(WORK TO BE COMPLETED) Scan the records for the string "normrN"; copy each line where it occurs.

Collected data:
--- --- ---
Definition top_stable_measure (f : X -> X) (mu : set X -> \bar R) : Prop :=
  forall eps : R, 0 < eps -> exists2 delta : R, 0 < delta &
    forall g : X -> X, homeo g -> dC0_le f g delta ->
    exists H : X -> set X,
      [/\ usc setT H, compact_valued setT H, borel (Dom setT H),
          mu (~` Dom setT H) = 0%E &
          [/\ (forall x, mu (H x) = 0%E),
               dist_Id_le setT H eps & semiconj setT f g H]].

Definition Ts_conds (f : X -> X) (mu : set X -> \bar R) (x : X)
    (eps delta : R) (g : X -> X) (H : X -> set X) : Prop :=
  let Z := closure (orbit g x) in
  [/\ usc Z H, compact_valued Z H, borel (Dom Z H) &
      [/\ (forall z, oball x (delta / 4) z -> Z z -> mu (H z) = 0%E),
           dist_Id_le Z H eps & semiconj Z f g H]].

Definition mu_top_stable_point (f : X -> X) (mu : set X -> \bar R) (x : X) :
    Prop :=
  forall eps : R, 0 < eps -> exists2 delta : R, 0 < delta &
    forall g : X -> X, homeo g -> dC0_le f g delta ->
    exists H : X -> set X, Ts_conds f mu x eps delta g H.

Definition strong_mu_top_stable_point (f : X -> X) (mu : set X -> \bar R)
    (x : X) : Prop :=
  forall eps : R, 0 < eps -> exists2 delta : R, 0 < delta &
    exists B : set X, [/\ borel B, mu (~` B) = 0%E &
    forall g : X -> X, homeo g -> dC0_le f g delta ->
    exists H : X -> set X, Ts_conds f mu x eps delta g H /\
      let Z := closure (orbit g x) in
      (mu (~` Dom Z H) <= mu (~` (B `&` oball x delta `&` Z)))%E].

Definition Ts (f : X -> X) (mu : set X -> \bar R) : set X :=
  [set x | mu_top_stable_point f mu x].
Definition Sts (f : X -> X) (mu : set X -> \bar R) : set X :=
  [set x | strong_mu_top_stable_point f mu x].

Definition top_stable_point (f : X -> X) (x : X) : Prop :=
  forall eps : R, 0 < eps -> exists2 delta : R, 0 < delta &
    forall g : X -> X, homeo g -> dC0_le f g delta ->
    let Z := closure (orbit g x) in
    exists h : X -> X, [/\ {within Z, continuous h},
      (forall z, Z z -> f (h z) = h (g z)) &
      (forall z, Z z -> dist (h z) z <= eps)].

Definition non_atomic (mu : set X -> \bar R) : Prop :=
  forall x : X, mu [set x] = 0%E.

End Defs.

Definition pushmu {R : realType} {X Y : Type} (h : X -> Y)
  (mu : set X -> \bar R) : set Y -> \bar R := fun A => mu (h @^-1` A).

From Pilot Require Import Defs.
From HB Require Import structures.
From mathcomp Require Import all_boot all_order all_algebra.
From mathcomp Require Import all_classical all_reals all_analysis.
Import Order.TTheory GRing.Theory Num.Theory.
Import numFieldNormedType.Exports.
Local Open Scope classical_set_scope.
Local Open Scope ring_scope.

(* (i) A global set-valued map for f restricts to every orbit closure Z, where its
   domain is Z intersected with a Borel set.
   (ii) A perturbation G of h f h^-1 pulls back to the perturbation h^-1 G h of f,
   orbit closures correspond under h, and a set-valued map H for f pushes forward to
   y |-> h (H (h^-1 y)); uniform continuity of h and h^-1 on the compact spaces
   converts the epsilons and deltas.  The same argument for h^-1 gives the reverse
   inclusions.
   (iii) A continuous semiconjugacy h on an orbit closure Z gives the singleton-valued
   map z |-> {h z}: its values are null since mu is non-atomic, and it is defined on
   all of Z, so (iv) holds with B = X. *)

Section borel_sets.
Context {R : realType} {X : metricType R}.
Implicit Types A B : set X.

Lemma borel_open A : open A -> borel A.
Proof. exact: sub_sigma_algebra. Qed.

Lemma borelC A : borel A -> borel (~` A).
Proof. by move=> bA; rewrite -setTD; exact: sigma_algebraCD. Qed.

Lemma borel_closed A : closed A -> borel A.
Proof.
by move=> cA; rewrite -[A]setCK; apply: borelC; apply: borel_open; rewrite openC.
Qed.

Lemma borel_closure A : borel (closure A).
Proof. by apply: borel_closed; exact: closed_closure. Qed.

Lemma borelU A B : borel A -> borel B -> borel (A `|` B).
Proof.
move=> bA bB; rewrite -bigcup2E; apply: sigma_algebra_bigcup => -[|[|i]] //=.
exact: sigma_algebra0.
Qed.

Lemma borelI A B : borel A -> borel B -> borel (A `&` B).
Proof.
move=> bA bB; rewrite -[_ `&` _]setCK setCI.
by apply: borelC; apply: borelU; exact: borelC.
Qed.

Lemma borel_preimage {Y : metricType R} (h : X -> Y) (A : set Y) :
  continuous h -> borel A -> borel (h @^-1` A).
Proof.
move=> ch bA.
suff : <<s @open Y >> `<=` image_set_system setT h (@borel R X).
  by move/(_ A bA); rewrite /image_set_system /= setTI.
apply: smallest_sub; first by apply: sigma_algebra_image; exact: smallest_sigma_algebra.
move=> B oB; rewrite /image_set_system /= setTI; apply: borel_open.
by move/continuousP: ch; apply.
Qed.

Lemma borel_measure_setU mu A B : borel_measure mu -> borel A -> borel B ->
  A `&` B = set0 -> mu (A `|` B) = (mu A + mu B)%E.
Proof.
case=> mu0 _ mu_add bA bB AB0.
have bAB i : borel (bigcup2 A B i) by case: i => [|[|i]] //=; exact: sigma_algebra0.
have := mu_add _ bAB; rewrite -trivIset_bigcup2 bigcup2E => /(_ AB0) mu_lim.
suff lim_AB : (fun n => \sum_(0 <= i < n) mu (bigcup2 A B i))%E @ \oo -->
    (mu A + mu B)%E by exact: (cvg_unique (@ereal_hausdorff R) mu_lim lim_AB).
apply: cvg_near_cst; exists 2%N => // -[|[|n]] //= _.
by rewrite !big_nat_recl //= big1 ?adde0.
Qed.

Lemma borel_measure_le mu A B : borel_measure mu -> borel A -> borel B ->
  A `<=` B -> (mu A <= mu B)%E.
Proof.
move=> mu_bm bA bB AB; have bBA : borel (B `\` A) by apply: borelI => //; exact: borelC.
rewrite -(setDUK AB) borel_measure_setU ?setDIK //.
by rewrite leeDl //; case: mu_bm => _ + _; apply.
Qed.

Lemma borel_measure_pushmu {Y : metricType R} {h : X -> Y} {mu} :
  continuous h -> borel_measure mu -> borel_measure (pushmu h mu).
Proof.
move=> ch [mu0 mu_ge0 mu_add]; split.
- by rewrite /pushmu preimage_set0.
- by move=> A bA; apply: mu_ge0; exact: borel_preimage.
- move=> F bF tF; rewrite /pushmu preimage_bigcup; apply: mu_add.
  + by move=> i; exact: borel_preimage.
  + by move=> i j _ _ [x [Fi Fj]]; apply: tF => //; exists (h x).
Qed.

End borel_sets.

Section metric_continuity.
Context {R : realType}.

Lemma divrn_lt (c : R) n : 0 < c -> (1 < n)%N -> c / n%:R < c.
Proof.
by move=> c0 n1; rewrite ltr_pdivrMr ?ltr0n ?(ltn_trans _ n1) // ltr_pMr // ltr1n.
Qed.

Lemma oball_open {T : metricType R} (x : T) r : open (oball x r).
Proof.
rewrite openE => y xy.
rewrite /interior -metricType_numDomainType.filter_from_mdist_nbhs.
exists (r - mdist x y); first by rewrite /= subr_gt0.
move=> z yz; rewrite /oball /= (le_lt_trans (metric_triangle x y z)) //.
by rewrite -ltrBrDl.
Qed.

Context {X Y : metricType R}.

Lemma within_continuous_open {A : set X} {h : X -> Y} {z O} :
  {within A, continuous h} -> A z -> open O -> O (h z) ->
  exists2 gam : R, 0 < gam & forall w, A w -> mdist w z < gam -> O (h w).
Proof.
move=> hc Az oO Ohz.
have := (subspace_continuousP A h).1 hc z Az O (open_nbhs_nbhs (conj oO Ohz)).
rewrite /= /within -metricType_numDomainType.filter_from_mdist_nbhs.
case=> gam gam0 Hgam.
by exists gam => // w Aw wz; apply: Hgam => //=; rewrite metric_sym.
Qed.

Lemma continuous_mdist {h : X -> Y} : continuous h -> forall x e, 0 < e ->
  exists2 d : R, 0 < d & forall y, mdist x y < d -> mdist (h x) (h y) < e.
Proof.
move=> ch x e e0; have hx : oball (h x) e (h x) by rewrite /oball /= mdistxx.
have [d d0 hd] := within_continuous_open (@continuous_subspaceT _ _ setT _ ch) I
  (oball_open _ _) hx.
by exists d => // y xy; apply: hd => //; rewrite metric_sym.
Qed.

Lemma compact_unif_continuous {h : X -> Y} : compact [set: X] -> continuous h ->
  forall e, 0 < e ->
  exists2 d : R, 0 < d & forall a b, mdist a b < d -> mdist (h a) (h b) < e.
Proof.
move=> cX ch e e0.
pose P d a := forall b, mdist a b < d -> mdist (h a) (h b) < e.
(* Near-covering form of compactness: around each point, the moduli d < r / 2 work on a
   whole neighbourhood. *)
have : \forall d \near (0:R)^'+, [set: X] `<=` P d.
  apply: ((compact_near_coveringP _).1 cX R (0:R)^'+ P) => x _.
  have [r r0 hr] := continuous_mdist ch x _ (divr_gt0 e0 (ltr0n _ 2)).
  exists ([set a | mdist x a < r / 2], [set d | 0 < d < r / 2]).
    split=> /=; first by rewrite -metricType_numDomainType.filter_from_mdist_nbhs;
      exists (r / 2) => //; rewrite divr_gt0.
    exists (r / 2); first by rewrite /= divr_gt0.
    move=> d /=; rewrite sub0r normrN => + -> /=.
    by apply: le_lt_trans; exact: ler_norm.
  case=> a d [/= xa /andP[_ dr]] b ab.
  have xb : mdist x b < r.
    rewrite (le_lt_trans (metric_triangle x a b)) // (splitr r) ltrD //.
    exact: lt_trans dr.
  rewrite (le_lt_trans (metric_triangle _ (h x) _)) // (splitr e) ltrD ?hr //.
  by rewrite metric_sym hr // (lt_trans xa) // divrn_lt.
case=> d /= d0 Hd; exists (d / 2); first by rewrite divr_gt0.
move=> a b; apply: (Hd (d / 2)) => //=; last by rewrite divr_gt0.
by rewrite sub0r normrN gtr0_norm ?divr_gt0 // divrn_lt.
Qed.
--- --- ---
(ANSWER FOR THE TASK)
    move=> d /=; rewrite sub0r normrN => + -> /=.
by rewrite sub0r normrN gtr0_norm ?divr_gt0 // divrn_lt.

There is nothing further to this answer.